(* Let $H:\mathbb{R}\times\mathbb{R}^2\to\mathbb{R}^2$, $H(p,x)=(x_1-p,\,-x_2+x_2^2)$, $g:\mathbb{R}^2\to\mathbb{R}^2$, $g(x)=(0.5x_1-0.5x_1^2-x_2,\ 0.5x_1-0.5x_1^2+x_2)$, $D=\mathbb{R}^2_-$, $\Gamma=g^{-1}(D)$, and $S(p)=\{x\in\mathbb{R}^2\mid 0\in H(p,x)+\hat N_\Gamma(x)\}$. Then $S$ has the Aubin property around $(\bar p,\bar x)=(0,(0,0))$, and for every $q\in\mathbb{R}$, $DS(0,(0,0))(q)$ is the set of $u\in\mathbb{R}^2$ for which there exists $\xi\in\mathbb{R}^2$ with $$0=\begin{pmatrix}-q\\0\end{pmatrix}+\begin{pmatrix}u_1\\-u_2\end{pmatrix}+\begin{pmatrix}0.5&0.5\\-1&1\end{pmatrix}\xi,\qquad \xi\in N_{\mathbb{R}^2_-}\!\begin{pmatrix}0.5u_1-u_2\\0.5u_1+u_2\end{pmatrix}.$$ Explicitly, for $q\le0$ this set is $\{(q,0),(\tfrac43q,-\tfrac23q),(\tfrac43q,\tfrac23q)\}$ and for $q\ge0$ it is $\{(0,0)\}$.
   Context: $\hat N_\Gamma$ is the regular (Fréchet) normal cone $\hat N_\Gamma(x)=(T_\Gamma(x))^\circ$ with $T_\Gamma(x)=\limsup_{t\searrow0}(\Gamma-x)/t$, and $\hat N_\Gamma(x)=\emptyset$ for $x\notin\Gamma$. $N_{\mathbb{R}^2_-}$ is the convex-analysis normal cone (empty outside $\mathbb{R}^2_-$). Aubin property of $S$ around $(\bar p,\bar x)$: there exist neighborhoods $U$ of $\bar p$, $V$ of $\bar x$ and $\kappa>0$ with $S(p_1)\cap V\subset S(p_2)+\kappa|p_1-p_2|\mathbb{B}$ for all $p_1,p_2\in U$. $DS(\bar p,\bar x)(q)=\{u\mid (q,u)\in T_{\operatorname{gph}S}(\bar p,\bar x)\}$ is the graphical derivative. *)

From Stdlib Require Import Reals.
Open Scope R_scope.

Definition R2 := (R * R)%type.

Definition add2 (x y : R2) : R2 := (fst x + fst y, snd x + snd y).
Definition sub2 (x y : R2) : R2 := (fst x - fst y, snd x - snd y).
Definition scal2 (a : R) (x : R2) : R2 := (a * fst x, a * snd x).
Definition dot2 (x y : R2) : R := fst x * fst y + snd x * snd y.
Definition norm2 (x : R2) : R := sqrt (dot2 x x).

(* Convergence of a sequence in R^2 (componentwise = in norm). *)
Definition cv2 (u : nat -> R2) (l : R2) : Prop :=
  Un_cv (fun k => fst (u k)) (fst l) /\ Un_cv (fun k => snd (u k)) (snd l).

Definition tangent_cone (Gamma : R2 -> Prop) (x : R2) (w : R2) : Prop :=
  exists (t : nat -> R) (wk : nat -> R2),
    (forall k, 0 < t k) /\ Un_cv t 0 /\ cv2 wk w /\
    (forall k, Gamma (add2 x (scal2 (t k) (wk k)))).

****************************************

- Exercise objective:
Give back the records above exactly, limited to the lines between the one holding "Definition norm2 (x" and the one holding "(forall k, 0", inclusive.

- Written solution:
Definition norm2 (x : R2) : R := sqrt (dot2 x x).

(* Convergence of a sequence in R^2 (componentwise = in norm). *)
Definition cv2 (u : nat -> R2) (l : R2) : Prop :=
  Un_cv (fun k => fst (u k)) (fst l) /\ Un_cv (fun k => snd (u k)) (snd l).

Definition tangent_cone (Gamma : R2 -> Prop) (x : R2) (w : R2) : Prop :=
  exists (t : nat -> R) (wk : nat -> R2),
    (forall k, 0 < t k) /\ Un_cv t 0 /\ cv2 wk w /\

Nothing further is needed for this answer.